Records from a data collection:
• • • •
(* Let $n,N\ge1$ be integers, $0<p<1$, $0<\epsilon_1,\epsilon_2<1$, and $\beta>0$ with $L=\beta n$ a positive integer, and suppose $\beta\ge\beta_{\mathsf{Th}}$ and $N\ge N_{\mathsf{Th}}$, where $$\beta_{\mathsf{Th}}=\frac{\log_{2}\left(\dfrac{N\left((1+2p-p^2)^n-1\right)}{(\epsilon_1/2^n)^{1/N}}\right)}{n\left(1-\log_2(1+2p-p^2)\right)},\qquad N_{\mathsf{Th}}=\frac{\log_2\left(\left(1+\frac{\epsilon_2}{2^{n}}\right)^{1/n}-1\right)}{\log_2(p)}.$$ Then in the random model described in the context, the expected number of data comparisons performed by the Data-driven Pruning Algorithm is at most $\mathcal{U}_0=N^2 2^n(1+2p-p^2)^n$.
   Context: Model: $M=2^n$, addresses $C=\{0,1\}^n$; each address $\mathbf{x}$ carries a strand $(\mathbf{x},\mathbf{d})$ with data $\mathbf{d}$ independent uniform on $\{0,1\}^L$. Each strand is sent $N$ times through $\mathsf{BEC}(p)$ (each symbol independently erased to $*$ with probability $p$); $\mathcal{Y}$ is the unordered multiset of all $MN$ reads $(\mathbf{y},\mathbf{d}')$. Words $\mathbf{u},\mathbf{v}\in\{0,1,*\}^\ell$ agree, $\mathbf{u}\cong\mathbf{v}$, if they coincide wherever neither is erased; reads agree if both address and data parts agree. Graph $\mathcal{G}$: bipartite, left vertices $C$, right vertices the reads, edge $\mathbf{x}$–$(\mathbf{y},\mathbf{d}')$ iff $\mathbf{x}\cong\mathbf{y}$; $E_{(\mathbf{y},\mathbf{d}')}$ is the set of left neighbours of a read in the current graph, and $\mathcal{N}_{(\mathbf{y},\mathbf{d}')}$ (two-hop neighbourhood) is the set of other reads sharing a left neighbour with $(\mathbf{y},\mathbf{d}')$ in the current graph. Data-driven Pruning Algorithm: Start with no read marked pruned. While fewer than $N2^n$ reads are pruned, choose a not-yet-pruned read $(\tilde{\mathbf{y}},\tilde{\mathbf{d}}')$ minimizing $|\mathcal{N}_{(\tilde{\mathbf{y}},\tilde{\mathbf{d}}')}|$ and call PRUNE on it: mark it pruned; for each read $(\mathbf{y},\mathbf{d}')\in\mathcal{N}_{(\tilde{\mathbf{y}},\tilde{\mathbf{d}}')}$ perform one data comparison, i.e. test $(\mathbf{y},\mathbf{d}')\cong(\tilde{\mathbf{y}},\tilde{\mathbf{d}}')$, and put those passing into a set $\mathcal{T}$; if $|\mathcal{T}|=N-1$, let $\mathcal{X}^*=\bigcap_{(\mathbf{y},\mathbf{d}')\in\mathcal{T}}E_{(\mathbf{y},\mathbf{d}')}$, delete every edge between a read of $\mathcal{T}$ and a left vertex outside $\mathcal{X}^*$, and mark all reads of $\mathcal{T}$ pruned. Afterwards a peeling matching procedure (which performs no data comparisons) is run on the resulting graph. The number of data comparisons is the total number of tests $(\mathbf{y},\mathbf{d}')\cong(\tilde{\mathbf{y}},\tilde{\mathbf{d}}')$ performed in all calls of PRUNE. *)

From HB Require Import structures.
From mathcomp Require Import all_boot all_order all_algebra.
From mathcomp Require Import all_classical all_reals all_analysis.
Set Implicit Arguments. Unset Strict Implicit. Unset Printing Implicit Defensive.
Import Order.TTheory GRing.Theory Num.Theory.
Local Open Scope ring_scope.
• • • •
Starting at the line with "Import Order.TTheory GRing.Theory Num.Theory.", restate each line through the end of the records, both ends included, and stop there.

*YOUR SOLUTION:*
Import Order.TTheory GRing.Theory Num.Theory.
Local Open Scope ring_scope.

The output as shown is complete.